Frères, nous sommes sur la Route : courons par l’amour et la charité, oubliant les biens de ce temps. Cette Route cherche des hommes forts et ne veut pas des paresseux. Les brigands sont là en nombre pour nous tenter : le diable dresse des embûches dans tous les passages resserrés et là, il essaie d’entrer et de prendre possession. Et celui dont il s’est rendu maître, il le fait sortir de la route ou le retarde. Il tente soit par la crainte, soit par le désir. C’est pourquoi soyez forts dans la foi ; que personne ne vous entraîne vers l’erreur par quelque promesse, que personne ne vous fasse tomber dans l’erreur par quelque menace. Le Royaume de Dieu est plus grand que ce que te promet le monde. L’enfer est plus à craindre que ce que te fait craindre le monde. Si tu veux donc échapper à toute crainte, crains les peines éternelles dont Dieu te menace. Veux-tu fouler aux pieds toutes les convoitises de la concupiscence? Désire la vie éternelle que Dieu te promet. Ainsi tu fermes la porte au diable, tu l’ouvres au Christ.
SAINT ANSELME (1033-1109), Proslogion, 25 26, p. 118 121. AIME L'UNIQUE BIEN:

Pourquoi, faible créature, t'égarer si loin à la recherche des biens de ton âme et de ton corps? Aime donc l'unique Bien dans lequel sont tous les biens : cela suffit. Qu'aimes-tu, mon corps? Que désires-tu, mon âme? C'est là-haut que se trouve tout ce que l'on peut aimer et désirer.

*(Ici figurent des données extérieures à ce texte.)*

(* Turns a one-sided derivative at an endpoint into a two-sided one, so that Stdlib's
   product rule and mean value theorem apply to derivatives within an interval. *)
Lemma derivable_pt_lim_affine_ext p q g t l lp lq : p <= t <= q ->
  has_deriv_within (fun s => p <= s <= q) g t l ->
  (t = p -> lp = l) -> (t = q -> lq = l) ->
  derivable_pt_lim (affine_ext p q g lp lq) t l.
Proof.
  intros Ht Hd Hp Hq eps Heps.
  destruct (Hd eps Heps) as [d [Hd0 Hdh]].
  set (dl := if Req_EM_T t p then 1 else t - p).
  set (dr := if Req_EM_T t q then 1 else q - t).
  assert (Hdl : 0 < dl /\ (t <> p -> dl <= t - p)).
  { unfold dl; destruct (Req_EM_T t p); split; intros; try lra; contradiction. }
  assert (Hdr : 0 < dr /\ (t <> q -> dr <= q - t)).
  { unfold dr; destruct (Req_EM_T t q); split; intros; try lra; contradiction. }
  assert (Hpos : 0 < Rmin d (Rmin dl dr)) by (repeat apply Rmin_glb_lt; lra).
  exists (mkposreal _ Hpos); simpl; intros h Hh Hhd.
  assert (Hh' : Rabs h < d /\ Rabs h < dl /\ Rabs h < dr).
  { pose proof (Rmin_l d (Rmin dl dr)); pose proof (Rmin_r d (Rmin dl dr)).
    pose proof (Rmin_l dl dr); pose proof (Rmin_r dl dr); lra. }
  pose proof (Rle_abs h); pose proof (Rle_abs (- h)); rewrite Rabs_Ropp in *.
  assert (Hslope : forall c lc, lc = l ->
    Rabs ((c + lc * (t + h - t) - c) / h - l) < eps).
  { intros c lc ->. replace ((c + l * (t + h - t) - c) / h - l) with 0 by (field; auto).
    rewrite Rabs_R0; lra. }
  rewrite (affine_ext_in p q g lp lq t Ht); unfold affine_ext.
  destruct (Rlt_dec (t + h) p).
  - destruct (Req_dec t p) as [->|Htp]; [apply Hslope; auto|].
    specialize (proj2 Hdl Htp); lra.
  - destruct (Rlt_dec q (t + h)).
    + destruct (Req_dec t q) as [->|Htq]; [apply Hslope; auto|].
      specialize (proj2 Hdr Htq); lra.
    + apply Hdh; lra.
Qed.

Lemma has_deriv_within_restrict (F g : R -> R) (I : R -> Prop) t l :
  derivable_pt_lim F t l -> (forall s, I s -> F s = g s) -> I t ->
  has_deriv_within I g t l.
Proof.
  intros HF HFg It eps Heps. destruct (HF eps Heps) as [d Hd].
  exists d; split; [apply cond_pos|]. intros h Hh Hhd Ih.
  rewrite <- (HFg _ Ih), <- (HFg _ It). auto.
Qed.

Lemma has_deriv_within_sub (I J : R -> Prop) g t l :
  (forall s, J s -> I s) -> has_deriv_within I g t l -> has_deriv_within J g t l.
Proof.
  intros HJI Hd eps Heps. destruct (Hd eps Heps) as [d [Hd0 Hdh]].
  exists d; split; auto.
Qed.

Lemma has_deriv_within_const (I : R -> Prop) c t : has_deriv_within I (fun _ => c) t 0.
Proof.
  intros eps Heps. exists 1; split; [lra|]. intros h Hh _ _.
  replace ((c - c) / h - 0) with 0 by (field; auto). rewrite Rabs_R0; lra.
Qed.

Lemma has_deriv_within_plus (I : R -> Prop) g1 g2 t l1 l2 :
  has_deriv_within I g1 t l1 -> has_deriv_within I g2 t l2 ->
  has_deriv_within I (fun s => g1 s + g2 s) t (l1 + l2).
Proof.
  intros H1 H2 eps Heps.
  destruct (H1 (eps / 2)) as [d1 [Hd1 Hd1h]]; [lra|].
  destruct (H2 (eps / 2)) as [d2 [Hd2 Hd2h]]; [lra|].
  exists (Rmin d1 d2); split; [apply Rmin_glb_lt; auto|].
  intros h Hh Hhd Ih.
  pose proof (Rmin_l d1 d2); pose proof (Rmin_r d1 d2).
  specialize (Hd1h h Hh ltac:(lra) Ih); specialize (Hd2h h Hh ltac:(lra) Ih).
  replace ((g1 (t + h) + g2 (t + h) - (g1 t + g2 t)) / h - (l1 + l2))
    with (((g1 (t + h) - g1 t) / h - l1) + ((g2 (t + h) - g2 t) / h - l2)) by (field; auto).
  eapply Rle_lt_trans; [apply Rabs_triang|]. lra.
Qed.

Lemma has_deriv_within_mult p q g1 g2 t l1 l2 : p <= t <= q ->
  has_deriv_within (fun s => p <= s <= q) g1 t l1 ->
  has_deriv_within (fun s => p <= s <= q) g2 t l2 ->
  has_deriv_within (fun s => p <= s <= q) (fun s => g1 s * g2 s) t (l1 * g2 t + g1 t * l2).
Proof.
  intros Ht H1 H2.
  pose proof (derivable_pt_lim_mult _ _ _ _ _
    (derivable_pt_lim_affine_ext p q g1 t l1 l1 l1 Ht H1 (fun _ => eq_refl) (fun _ => eq_refl))
    (derivable_pt_lim_affine_ext p q g2 t l2 l2 l2 Ht H2 (fun _ => eq_refl) (fun _ => eq_refl)))
    as Hprod.
  rewrite !(affine_ext_in p q _ _ _ t Ht) in Hprod.
  apply (has_deriv_within_restrict _ _ _ _ _ Hprod); auto.
  intros s Hs; unfold mult_fct; rewrite !(affine_ext_in p q _ _ _ s Hs); reflexivity.
Qed.

Lemma increment_bound_lt g g' C E u v : u < v ->
  (forall s, u <= s <= v -> has_deriv_within (fun r => u <= r <= v) g s (g' s)) ->
  (forall s, u <= s <= v -> Rabs (g' s - C) <= E) ->
  Rabs (g v - g u - C * (v - u)) <= E * (v - u).
Proof.
  intros Huv Hd Hb.
  destruct (MVT_cor2 (affine_ext u v g (g' u) (g' v)) g' u v Huv) as [c [Hc Hcuv]].
  { intros c Hc; apply derivable_pt_lim_affine_ext; auto; intros ->; reflexivity. }
  rewrite !affine_ext_in in Hc by lra. rewrite Hc.
  replace (g' c * (v - u) - C * (v - u)) with ((g' c - C) * (v - u)) by ring.
  rewrite Rabs_mult, (Rabs_right (v - u)) by lra.
  apply Rmult_le_compat_r; [lra|]. apply Hb; lra.
Qed.
(* Let $n=\prod_{j=1}^k p_j^{a_j}$ be the factorization of $n$ into powers of distinct primes, let $\omega\in(\mathbb{Z}/n\mathbb{Z})^\times$ and $r\in\mathbb{Z}/n\mathbb{Z}$, and let $X=\langle\omega\rangle r$. For each $j$, let $\psi_j:\mathbb{Z}/n\mathbb{Z}\to\mathbb{Z}/p_j^{a_j}\mathbb{Z}$ be the natural reduction homomorphism, let $x_j\in\mathbb{Z}/p_j^{a_j}\mathbb{Z}$ be the multiplicative inverse of $n/p_j^{a_j}$ modulo $p_j^{a_j}$, and let $X_j=\langle\psi_j(\omega)\rangle\, x_j\psi_j(r)\subseteq\mathbb{Z}/p_j^{a_j}\mathbb{Z}$. If the orbit sizes $|X_1|,\dots,|X_k|$ are pairwise coprime, then for every $y\in\mathbb{Z}/n\mathbb{Z}$, $$\sigma_X(y)=\prod_{j=1}^k \sigma_{X_j}(\psi_j(y)),$$ where $\sigma_{X_j}$ is the supercharacter of $\mathbb{Z}/p_j^{a_j}\mathbb{Z}$ attached to $X_j$.
   Context: Write $e(\theta)=\exp(2\pi i\theta)$. For a positive integer $m$, a subgroup $A$ of $(\mathbb{Z}/m\mathbb{Z})^\times$ and $r\in\mathbb{Z}/m\mathbb{Z}$, let $X=Ar=\{ar:a\in A\}$ and define $\sigma_X:\mathbb{Z}/m\mathbb{Z}\to\mathbb{C}$ by $\sigma_X(y)=\sum_{x\in X}e\left(\frac{xy}{m}\right)$. Here $\langle\omega\rangle$ denotes the cyclic subgroup generated by $\omega$. *)

From HB Require Import structures.
From mathcomp Require Import all_boot all_order all_algebra all_fingroup all_field.
Set Implicit Arguments. Unset Strict Implicit. Unset Printing Implicit Defensive.
Import GRing.Theory Num.Theory.
Local Open Scope ring_scope.

(* zeta m = exp(2 pi i / m) in algC: m.-root (-1) is the m-th root of -1 of
   minimal nonnegative argument, i.e. exp(i pi / m); its square is exp(2 pi i/m). *)
Definition zeta (m : nat) : algC := (m.-root (-1)) ^+ 2.

Definition e_frac (m k : nat) : algC := zeta m ^+ k.

(* The cyclic subgroup <w> of the unit group of Z/mZ, for w a unit
   (empty if w is not a unit, a case never used). *)
Definition unit_cycle (m : nat) (w : 'Z_m) : {set {unit 'Z_m}} :=
  if (insub w : option {unit 'Z_m}) is Some u then <[u]>%g else set0.

Definition orbitX (m : nat) (w r : 'Z_m) : {set 'Z_m} :=
  [set (val a * r)%R | a in unit_cycle w].

Definition sigma (m : nat) (X : {set 'Z_m}) (y : 'Z_m) : algC :=
  \sum_(x in X) e_frac m ((x : nat) * (y : nat))%N.

Definition psi (n q : nat) (x : 'Z_n) : 'Z_q := ((x : nat)%:R : 'Z_q).

(* For the prime p | n with q = p^a = n`_p:
   X_p = <psi(w)> x_p psi(r), x_p = (n/q)^{-1} mod q. *)
Definition Xj (n : nat) (w r : 'Z_n) (p : nat) : {set 'Z_(n`_p)} :=
  orbitX (psi (n`_p) w) ((((n %/ n`_p)%N)%:R : 'Z_(n`_p))^-1 * psi (n`_p) r).

From HB Require Import structures.
From mathcomp Require Import all_boot all_order all_algebra all_fingroup all_field.
From mathcomp Require Import lra zify.
Import Order.TTheory GRing.Theory Num.Theory.
Local Open Scope ring_scope.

Est-ce la beauté que tu aimes? Mt 13,43 Les justes resplendiront comme le soleil.

Est-ce l'agilité ou la force d'un corps libre et dégagé de tout obstacle? Mc 12,25 Ils seront comme les anges de Dieu.

Est-ce une longue et saine vie? Là-haut t'attend l'éternelle santé, car Mt 25,46 les justes vivront éternellement

Désires-tu être rassasié? Ps 17,15 LXX Tu le seras quand Dieu t'apparaîtra dans sa gloire.

Être enivré? Ps 36,9 Ils s'enivreront de l'abondance de la maison de Dieu.

Est-ce [la musique d'] un chant mélodieux que tu aimes? Là-haut, les chœurs angéliques chantent sans fin la louange de Dieu.

Cherches-tu de très pures délices? Ps 36,9 Dieu t'abreuvera au torrent de ses délices.

Aimes-tu la sagesse? La sagesse de Dieu se manifestera en personne.